### ACTIVITY
Lines below that hold the word "mulmxA" must be copied in full.

### SUPPLIED DATA

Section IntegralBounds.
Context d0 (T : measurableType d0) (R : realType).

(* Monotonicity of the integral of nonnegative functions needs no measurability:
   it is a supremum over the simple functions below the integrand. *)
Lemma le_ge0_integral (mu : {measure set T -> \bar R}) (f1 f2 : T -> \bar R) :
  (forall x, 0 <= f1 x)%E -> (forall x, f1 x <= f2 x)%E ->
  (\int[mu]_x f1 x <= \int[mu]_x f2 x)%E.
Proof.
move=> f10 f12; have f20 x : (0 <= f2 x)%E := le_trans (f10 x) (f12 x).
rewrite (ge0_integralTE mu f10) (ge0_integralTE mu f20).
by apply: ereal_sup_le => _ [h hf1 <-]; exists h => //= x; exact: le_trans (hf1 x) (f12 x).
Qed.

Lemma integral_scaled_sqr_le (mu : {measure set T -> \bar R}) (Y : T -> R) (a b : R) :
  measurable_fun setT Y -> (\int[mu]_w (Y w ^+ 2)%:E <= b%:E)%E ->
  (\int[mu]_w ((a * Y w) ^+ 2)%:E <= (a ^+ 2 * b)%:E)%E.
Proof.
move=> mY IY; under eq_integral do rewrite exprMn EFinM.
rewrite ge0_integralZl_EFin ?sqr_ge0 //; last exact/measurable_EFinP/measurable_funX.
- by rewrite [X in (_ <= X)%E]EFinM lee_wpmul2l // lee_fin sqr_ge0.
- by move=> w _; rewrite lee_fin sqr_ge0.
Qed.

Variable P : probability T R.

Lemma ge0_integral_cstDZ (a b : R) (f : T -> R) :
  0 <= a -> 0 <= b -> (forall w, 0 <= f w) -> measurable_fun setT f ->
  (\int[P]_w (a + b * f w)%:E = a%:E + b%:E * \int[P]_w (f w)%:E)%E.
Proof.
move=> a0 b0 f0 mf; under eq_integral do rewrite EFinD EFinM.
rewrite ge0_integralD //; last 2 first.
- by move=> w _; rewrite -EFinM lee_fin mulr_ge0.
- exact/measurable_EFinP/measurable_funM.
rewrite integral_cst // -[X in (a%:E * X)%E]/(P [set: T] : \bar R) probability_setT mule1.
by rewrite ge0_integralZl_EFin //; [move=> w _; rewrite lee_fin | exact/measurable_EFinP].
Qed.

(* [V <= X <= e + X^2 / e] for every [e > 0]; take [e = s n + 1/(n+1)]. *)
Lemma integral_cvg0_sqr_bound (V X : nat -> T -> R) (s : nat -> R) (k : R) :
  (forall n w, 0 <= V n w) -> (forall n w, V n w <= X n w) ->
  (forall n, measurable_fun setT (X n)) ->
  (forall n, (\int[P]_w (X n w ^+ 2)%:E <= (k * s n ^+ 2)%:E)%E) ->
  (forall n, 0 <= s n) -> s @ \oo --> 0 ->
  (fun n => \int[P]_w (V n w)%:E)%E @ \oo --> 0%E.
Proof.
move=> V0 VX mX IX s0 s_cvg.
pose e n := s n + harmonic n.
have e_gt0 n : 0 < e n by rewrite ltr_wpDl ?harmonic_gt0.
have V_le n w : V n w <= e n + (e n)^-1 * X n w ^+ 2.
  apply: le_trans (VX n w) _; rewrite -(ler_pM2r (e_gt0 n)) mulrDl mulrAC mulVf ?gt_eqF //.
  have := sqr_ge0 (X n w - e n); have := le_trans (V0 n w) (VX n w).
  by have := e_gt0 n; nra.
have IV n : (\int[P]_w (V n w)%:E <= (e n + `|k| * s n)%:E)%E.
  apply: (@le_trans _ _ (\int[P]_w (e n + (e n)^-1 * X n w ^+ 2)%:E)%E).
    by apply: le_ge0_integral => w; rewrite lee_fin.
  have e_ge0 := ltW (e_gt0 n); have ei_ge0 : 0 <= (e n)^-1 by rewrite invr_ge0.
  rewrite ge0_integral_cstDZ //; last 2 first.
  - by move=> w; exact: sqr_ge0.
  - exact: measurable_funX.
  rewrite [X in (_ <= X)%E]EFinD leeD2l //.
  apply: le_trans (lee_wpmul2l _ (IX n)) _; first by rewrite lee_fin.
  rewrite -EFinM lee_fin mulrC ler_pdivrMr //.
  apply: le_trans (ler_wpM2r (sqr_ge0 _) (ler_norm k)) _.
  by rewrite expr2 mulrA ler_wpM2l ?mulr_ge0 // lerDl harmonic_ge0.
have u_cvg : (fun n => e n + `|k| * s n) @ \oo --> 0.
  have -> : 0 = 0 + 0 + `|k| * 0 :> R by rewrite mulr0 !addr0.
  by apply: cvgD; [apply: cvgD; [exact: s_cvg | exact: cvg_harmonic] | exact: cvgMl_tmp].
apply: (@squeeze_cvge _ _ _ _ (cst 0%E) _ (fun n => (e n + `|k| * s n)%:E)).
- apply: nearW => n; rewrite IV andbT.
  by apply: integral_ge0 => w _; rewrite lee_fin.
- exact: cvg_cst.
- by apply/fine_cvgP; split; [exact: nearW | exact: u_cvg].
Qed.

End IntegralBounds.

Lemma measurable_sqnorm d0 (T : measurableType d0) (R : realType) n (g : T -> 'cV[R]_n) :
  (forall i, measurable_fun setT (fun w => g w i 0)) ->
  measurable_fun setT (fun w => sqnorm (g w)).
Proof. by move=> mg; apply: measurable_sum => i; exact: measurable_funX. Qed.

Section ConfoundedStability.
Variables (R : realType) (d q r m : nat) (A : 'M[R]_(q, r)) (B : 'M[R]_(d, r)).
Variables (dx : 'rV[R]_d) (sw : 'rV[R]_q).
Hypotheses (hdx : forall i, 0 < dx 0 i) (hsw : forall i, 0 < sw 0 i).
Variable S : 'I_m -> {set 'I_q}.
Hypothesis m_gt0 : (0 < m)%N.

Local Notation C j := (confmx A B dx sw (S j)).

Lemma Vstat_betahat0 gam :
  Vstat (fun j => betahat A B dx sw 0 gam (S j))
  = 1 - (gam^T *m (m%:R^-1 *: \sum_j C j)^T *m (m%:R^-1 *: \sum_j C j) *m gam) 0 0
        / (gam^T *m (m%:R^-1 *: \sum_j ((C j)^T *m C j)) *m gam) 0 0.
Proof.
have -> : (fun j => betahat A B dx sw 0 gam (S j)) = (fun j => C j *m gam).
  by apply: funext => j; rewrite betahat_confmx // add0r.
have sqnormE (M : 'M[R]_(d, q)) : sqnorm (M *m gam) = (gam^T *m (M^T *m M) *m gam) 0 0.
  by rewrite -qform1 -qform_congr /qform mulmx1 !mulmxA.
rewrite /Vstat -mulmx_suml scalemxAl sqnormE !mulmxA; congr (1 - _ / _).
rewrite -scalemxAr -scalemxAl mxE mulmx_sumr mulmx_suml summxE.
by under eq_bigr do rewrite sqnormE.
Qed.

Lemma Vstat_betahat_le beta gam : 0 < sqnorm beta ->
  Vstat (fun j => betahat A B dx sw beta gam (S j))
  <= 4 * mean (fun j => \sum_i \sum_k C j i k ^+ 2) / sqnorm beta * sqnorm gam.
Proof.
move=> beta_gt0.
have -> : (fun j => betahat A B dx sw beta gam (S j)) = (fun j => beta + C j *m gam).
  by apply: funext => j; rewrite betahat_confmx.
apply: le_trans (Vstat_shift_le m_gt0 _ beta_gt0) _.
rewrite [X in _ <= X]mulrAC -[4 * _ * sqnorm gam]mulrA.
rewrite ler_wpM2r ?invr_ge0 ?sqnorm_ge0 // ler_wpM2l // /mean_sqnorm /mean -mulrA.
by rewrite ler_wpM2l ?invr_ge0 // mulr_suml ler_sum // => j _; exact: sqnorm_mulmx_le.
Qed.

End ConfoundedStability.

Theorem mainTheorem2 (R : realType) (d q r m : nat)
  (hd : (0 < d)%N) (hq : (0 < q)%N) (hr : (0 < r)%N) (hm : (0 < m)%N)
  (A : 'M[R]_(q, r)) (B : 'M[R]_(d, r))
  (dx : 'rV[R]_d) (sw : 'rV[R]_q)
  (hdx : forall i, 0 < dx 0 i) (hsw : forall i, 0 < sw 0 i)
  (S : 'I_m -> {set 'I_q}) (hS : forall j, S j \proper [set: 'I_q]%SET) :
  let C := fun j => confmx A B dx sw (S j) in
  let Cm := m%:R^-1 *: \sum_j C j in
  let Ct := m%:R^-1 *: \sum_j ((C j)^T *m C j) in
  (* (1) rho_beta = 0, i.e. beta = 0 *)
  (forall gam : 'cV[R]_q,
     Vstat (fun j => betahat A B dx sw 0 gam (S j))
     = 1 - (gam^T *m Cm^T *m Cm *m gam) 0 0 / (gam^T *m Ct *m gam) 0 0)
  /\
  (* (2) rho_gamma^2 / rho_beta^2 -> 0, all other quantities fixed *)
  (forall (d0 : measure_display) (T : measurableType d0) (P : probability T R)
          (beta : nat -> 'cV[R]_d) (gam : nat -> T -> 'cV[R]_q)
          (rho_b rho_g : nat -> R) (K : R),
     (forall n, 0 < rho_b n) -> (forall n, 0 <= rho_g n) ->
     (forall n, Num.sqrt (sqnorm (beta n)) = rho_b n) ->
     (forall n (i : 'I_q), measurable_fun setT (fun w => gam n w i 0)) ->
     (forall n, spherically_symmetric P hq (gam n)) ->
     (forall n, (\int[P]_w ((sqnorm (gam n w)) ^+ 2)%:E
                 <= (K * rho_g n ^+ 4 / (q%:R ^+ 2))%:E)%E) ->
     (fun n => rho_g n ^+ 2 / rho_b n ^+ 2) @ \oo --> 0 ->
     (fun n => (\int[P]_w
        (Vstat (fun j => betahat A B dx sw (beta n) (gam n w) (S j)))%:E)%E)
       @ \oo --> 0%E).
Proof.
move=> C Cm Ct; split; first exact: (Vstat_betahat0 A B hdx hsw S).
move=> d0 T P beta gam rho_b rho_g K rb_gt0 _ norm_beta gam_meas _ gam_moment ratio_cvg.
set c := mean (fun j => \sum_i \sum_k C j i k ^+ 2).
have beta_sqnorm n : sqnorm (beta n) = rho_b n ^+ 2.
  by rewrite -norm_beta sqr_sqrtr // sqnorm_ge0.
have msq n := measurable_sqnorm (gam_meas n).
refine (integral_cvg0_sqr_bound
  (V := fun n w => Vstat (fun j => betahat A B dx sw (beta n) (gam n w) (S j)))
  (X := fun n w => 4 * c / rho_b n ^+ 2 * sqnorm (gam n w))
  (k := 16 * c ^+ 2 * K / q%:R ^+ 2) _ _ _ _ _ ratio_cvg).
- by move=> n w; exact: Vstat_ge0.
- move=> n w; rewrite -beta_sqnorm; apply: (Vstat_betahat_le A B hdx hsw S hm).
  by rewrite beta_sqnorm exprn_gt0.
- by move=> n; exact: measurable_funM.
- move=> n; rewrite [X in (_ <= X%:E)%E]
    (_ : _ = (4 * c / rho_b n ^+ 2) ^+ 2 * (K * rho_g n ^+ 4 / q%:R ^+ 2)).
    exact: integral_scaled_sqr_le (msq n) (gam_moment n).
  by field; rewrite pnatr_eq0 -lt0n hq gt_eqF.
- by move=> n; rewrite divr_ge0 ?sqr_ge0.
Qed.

---

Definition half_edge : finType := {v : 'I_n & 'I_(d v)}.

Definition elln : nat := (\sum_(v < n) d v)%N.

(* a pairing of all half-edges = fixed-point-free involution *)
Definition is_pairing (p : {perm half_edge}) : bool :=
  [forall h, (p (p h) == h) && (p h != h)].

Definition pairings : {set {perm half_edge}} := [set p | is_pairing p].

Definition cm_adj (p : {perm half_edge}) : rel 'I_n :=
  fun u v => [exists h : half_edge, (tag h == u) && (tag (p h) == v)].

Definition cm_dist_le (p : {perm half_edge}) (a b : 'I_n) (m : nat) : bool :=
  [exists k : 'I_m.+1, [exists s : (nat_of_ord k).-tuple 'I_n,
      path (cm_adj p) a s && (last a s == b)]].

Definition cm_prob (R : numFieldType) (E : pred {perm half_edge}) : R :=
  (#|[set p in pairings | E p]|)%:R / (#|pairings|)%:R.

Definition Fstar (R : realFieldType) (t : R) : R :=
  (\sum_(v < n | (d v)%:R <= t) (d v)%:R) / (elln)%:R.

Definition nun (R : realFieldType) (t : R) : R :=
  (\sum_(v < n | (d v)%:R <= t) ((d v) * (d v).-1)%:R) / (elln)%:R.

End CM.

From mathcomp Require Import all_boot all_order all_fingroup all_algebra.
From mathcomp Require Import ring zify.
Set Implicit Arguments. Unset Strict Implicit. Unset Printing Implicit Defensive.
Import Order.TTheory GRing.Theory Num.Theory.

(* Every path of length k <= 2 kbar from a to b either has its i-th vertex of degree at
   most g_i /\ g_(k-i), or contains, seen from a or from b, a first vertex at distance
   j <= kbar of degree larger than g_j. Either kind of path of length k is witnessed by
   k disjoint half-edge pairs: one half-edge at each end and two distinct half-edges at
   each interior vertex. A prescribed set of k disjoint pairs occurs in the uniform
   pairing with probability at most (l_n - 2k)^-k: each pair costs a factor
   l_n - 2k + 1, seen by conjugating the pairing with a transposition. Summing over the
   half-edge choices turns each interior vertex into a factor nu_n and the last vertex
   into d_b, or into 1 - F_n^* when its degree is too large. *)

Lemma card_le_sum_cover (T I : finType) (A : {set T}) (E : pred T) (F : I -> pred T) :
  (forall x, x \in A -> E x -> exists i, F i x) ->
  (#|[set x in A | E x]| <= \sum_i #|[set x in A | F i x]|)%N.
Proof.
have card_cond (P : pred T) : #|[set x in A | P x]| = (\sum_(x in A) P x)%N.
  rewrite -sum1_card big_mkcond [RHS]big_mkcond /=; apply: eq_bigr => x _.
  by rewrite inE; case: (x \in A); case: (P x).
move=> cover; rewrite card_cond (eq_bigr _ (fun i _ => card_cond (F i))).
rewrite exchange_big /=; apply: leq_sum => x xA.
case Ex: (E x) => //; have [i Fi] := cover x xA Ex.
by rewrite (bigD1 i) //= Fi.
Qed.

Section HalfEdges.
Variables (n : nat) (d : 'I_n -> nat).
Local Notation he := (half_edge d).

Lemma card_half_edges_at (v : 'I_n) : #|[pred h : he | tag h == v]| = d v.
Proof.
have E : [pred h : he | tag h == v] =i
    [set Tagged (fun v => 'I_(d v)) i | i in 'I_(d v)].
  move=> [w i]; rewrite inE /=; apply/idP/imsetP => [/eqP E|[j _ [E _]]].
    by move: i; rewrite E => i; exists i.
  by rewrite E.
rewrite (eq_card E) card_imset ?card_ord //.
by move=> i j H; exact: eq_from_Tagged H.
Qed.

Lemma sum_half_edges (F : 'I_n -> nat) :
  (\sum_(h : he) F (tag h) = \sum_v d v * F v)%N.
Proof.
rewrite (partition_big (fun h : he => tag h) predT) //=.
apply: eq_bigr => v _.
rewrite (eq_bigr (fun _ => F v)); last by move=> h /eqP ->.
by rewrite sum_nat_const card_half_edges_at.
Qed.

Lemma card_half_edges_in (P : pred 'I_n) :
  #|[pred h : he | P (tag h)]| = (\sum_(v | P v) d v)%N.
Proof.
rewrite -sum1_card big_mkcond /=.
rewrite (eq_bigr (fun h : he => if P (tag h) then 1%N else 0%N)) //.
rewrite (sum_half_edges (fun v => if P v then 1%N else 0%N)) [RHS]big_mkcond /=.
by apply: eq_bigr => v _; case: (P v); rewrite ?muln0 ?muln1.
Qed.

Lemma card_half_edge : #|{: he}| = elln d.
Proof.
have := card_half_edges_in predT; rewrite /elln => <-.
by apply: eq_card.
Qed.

==

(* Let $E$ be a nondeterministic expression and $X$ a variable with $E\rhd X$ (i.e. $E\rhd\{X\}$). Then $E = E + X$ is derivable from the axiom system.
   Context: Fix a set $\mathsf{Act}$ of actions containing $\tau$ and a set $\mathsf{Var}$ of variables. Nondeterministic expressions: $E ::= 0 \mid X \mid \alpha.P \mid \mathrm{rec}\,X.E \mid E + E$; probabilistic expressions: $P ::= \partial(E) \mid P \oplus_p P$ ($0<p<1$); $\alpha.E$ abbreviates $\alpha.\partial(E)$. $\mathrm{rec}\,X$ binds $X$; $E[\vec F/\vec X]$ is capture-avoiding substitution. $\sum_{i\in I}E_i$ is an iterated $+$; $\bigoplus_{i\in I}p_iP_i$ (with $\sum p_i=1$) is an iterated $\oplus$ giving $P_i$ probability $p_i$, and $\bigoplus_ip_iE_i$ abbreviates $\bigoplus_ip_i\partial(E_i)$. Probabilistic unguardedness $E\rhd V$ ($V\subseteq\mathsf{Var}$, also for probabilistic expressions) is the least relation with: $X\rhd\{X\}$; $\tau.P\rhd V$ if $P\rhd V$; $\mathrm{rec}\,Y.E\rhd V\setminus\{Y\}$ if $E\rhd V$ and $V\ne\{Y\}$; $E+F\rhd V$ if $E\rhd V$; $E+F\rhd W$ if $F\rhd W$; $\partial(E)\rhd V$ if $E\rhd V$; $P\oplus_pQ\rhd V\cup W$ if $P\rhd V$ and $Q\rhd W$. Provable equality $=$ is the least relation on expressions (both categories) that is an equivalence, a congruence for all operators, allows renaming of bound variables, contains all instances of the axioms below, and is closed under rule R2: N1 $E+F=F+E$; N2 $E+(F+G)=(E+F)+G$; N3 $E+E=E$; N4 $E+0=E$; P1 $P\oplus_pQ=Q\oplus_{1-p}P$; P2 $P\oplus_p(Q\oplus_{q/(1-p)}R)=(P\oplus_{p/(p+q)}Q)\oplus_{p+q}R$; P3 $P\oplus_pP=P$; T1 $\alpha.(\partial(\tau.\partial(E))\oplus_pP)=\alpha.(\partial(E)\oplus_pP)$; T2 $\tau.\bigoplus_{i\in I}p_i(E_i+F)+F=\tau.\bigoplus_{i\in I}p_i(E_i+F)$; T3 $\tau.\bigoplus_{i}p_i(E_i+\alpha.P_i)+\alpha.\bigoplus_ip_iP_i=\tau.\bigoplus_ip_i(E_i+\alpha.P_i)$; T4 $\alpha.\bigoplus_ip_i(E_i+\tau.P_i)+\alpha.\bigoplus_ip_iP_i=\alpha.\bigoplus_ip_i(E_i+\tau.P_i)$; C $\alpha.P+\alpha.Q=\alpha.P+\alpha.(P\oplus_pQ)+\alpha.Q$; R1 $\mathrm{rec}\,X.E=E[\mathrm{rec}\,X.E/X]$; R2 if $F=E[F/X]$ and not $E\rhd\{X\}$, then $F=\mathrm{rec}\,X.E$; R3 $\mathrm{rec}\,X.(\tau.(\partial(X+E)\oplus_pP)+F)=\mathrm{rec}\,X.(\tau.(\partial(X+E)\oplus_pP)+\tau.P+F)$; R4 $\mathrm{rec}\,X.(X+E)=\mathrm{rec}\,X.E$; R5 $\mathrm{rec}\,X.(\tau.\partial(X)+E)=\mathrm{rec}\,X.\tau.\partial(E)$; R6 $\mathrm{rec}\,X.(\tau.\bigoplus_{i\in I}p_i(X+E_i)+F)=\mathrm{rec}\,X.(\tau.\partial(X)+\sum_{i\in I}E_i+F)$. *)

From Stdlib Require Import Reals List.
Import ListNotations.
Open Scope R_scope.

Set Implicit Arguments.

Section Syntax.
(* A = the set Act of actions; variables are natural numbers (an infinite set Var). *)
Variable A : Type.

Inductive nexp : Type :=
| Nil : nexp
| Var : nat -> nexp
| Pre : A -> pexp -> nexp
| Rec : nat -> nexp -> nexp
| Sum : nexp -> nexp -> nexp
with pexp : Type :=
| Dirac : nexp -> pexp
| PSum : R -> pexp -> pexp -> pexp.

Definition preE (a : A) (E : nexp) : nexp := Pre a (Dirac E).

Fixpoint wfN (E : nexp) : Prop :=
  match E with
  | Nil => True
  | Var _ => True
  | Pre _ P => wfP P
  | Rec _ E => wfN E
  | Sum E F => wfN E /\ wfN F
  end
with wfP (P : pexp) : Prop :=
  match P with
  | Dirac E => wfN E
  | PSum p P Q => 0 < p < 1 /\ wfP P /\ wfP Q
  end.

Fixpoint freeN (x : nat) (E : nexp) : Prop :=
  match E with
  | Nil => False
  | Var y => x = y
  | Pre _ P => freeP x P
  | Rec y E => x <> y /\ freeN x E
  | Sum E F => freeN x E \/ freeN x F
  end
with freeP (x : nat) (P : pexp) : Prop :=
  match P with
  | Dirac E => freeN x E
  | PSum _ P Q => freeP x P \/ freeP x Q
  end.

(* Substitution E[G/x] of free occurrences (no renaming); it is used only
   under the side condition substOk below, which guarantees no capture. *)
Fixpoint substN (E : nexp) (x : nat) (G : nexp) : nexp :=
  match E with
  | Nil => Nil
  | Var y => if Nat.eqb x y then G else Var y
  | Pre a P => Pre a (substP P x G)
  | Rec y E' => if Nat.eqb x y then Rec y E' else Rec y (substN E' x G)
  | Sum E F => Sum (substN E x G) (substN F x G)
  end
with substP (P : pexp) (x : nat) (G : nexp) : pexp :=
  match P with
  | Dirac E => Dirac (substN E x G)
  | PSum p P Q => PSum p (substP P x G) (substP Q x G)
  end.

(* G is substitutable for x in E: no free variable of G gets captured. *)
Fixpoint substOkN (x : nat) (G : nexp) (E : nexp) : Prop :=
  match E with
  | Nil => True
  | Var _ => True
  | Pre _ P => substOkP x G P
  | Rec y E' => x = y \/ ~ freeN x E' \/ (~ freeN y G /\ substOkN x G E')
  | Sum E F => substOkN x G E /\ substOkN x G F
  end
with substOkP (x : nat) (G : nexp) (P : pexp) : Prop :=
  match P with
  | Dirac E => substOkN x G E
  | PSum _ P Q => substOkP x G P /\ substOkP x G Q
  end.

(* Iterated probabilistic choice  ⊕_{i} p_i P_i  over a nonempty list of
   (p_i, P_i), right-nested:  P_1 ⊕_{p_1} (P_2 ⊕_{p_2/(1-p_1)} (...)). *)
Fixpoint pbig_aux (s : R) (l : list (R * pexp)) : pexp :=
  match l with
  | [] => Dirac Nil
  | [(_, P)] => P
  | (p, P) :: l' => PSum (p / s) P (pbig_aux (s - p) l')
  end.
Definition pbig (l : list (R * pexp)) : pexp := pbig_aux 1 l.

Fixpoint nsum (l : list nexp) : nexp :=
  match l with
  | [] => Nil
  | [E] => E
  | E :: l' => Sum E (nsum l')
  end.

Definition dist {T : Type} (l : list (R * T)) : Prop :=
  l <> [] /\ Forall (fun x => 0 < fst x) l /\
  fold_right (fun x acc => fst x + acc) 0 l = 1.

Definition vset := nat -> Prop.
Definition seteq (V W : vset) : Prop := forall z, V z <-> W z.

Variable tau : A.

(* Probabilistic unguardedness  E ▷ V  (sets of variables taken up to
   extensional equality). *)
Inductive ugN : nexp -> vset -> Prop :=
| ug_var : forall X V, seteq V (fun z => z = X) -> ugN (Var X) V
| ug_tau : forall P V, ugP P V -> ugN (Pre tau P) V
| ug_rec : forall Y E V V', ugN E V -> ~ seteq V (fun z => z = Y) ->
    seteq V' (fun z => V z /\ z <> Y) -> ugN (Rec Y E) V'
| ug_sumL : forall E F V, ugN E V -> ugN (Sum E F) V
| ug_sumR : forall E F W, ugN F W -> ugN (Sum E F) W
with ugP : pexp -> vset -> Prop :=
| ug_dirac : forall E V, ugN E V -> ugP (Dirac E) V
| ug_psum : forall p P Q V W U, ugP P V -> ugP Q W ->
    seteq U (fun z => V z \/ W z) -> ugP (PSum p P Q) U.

### TASK RESULT
  by rewrite -qform1 -qform_congr /qform mulmx1 !mulmxA.
rewrite /Vstat -mulmx_suml scalemxAl sqnormE !mulmxA; congr (1 - _ / _).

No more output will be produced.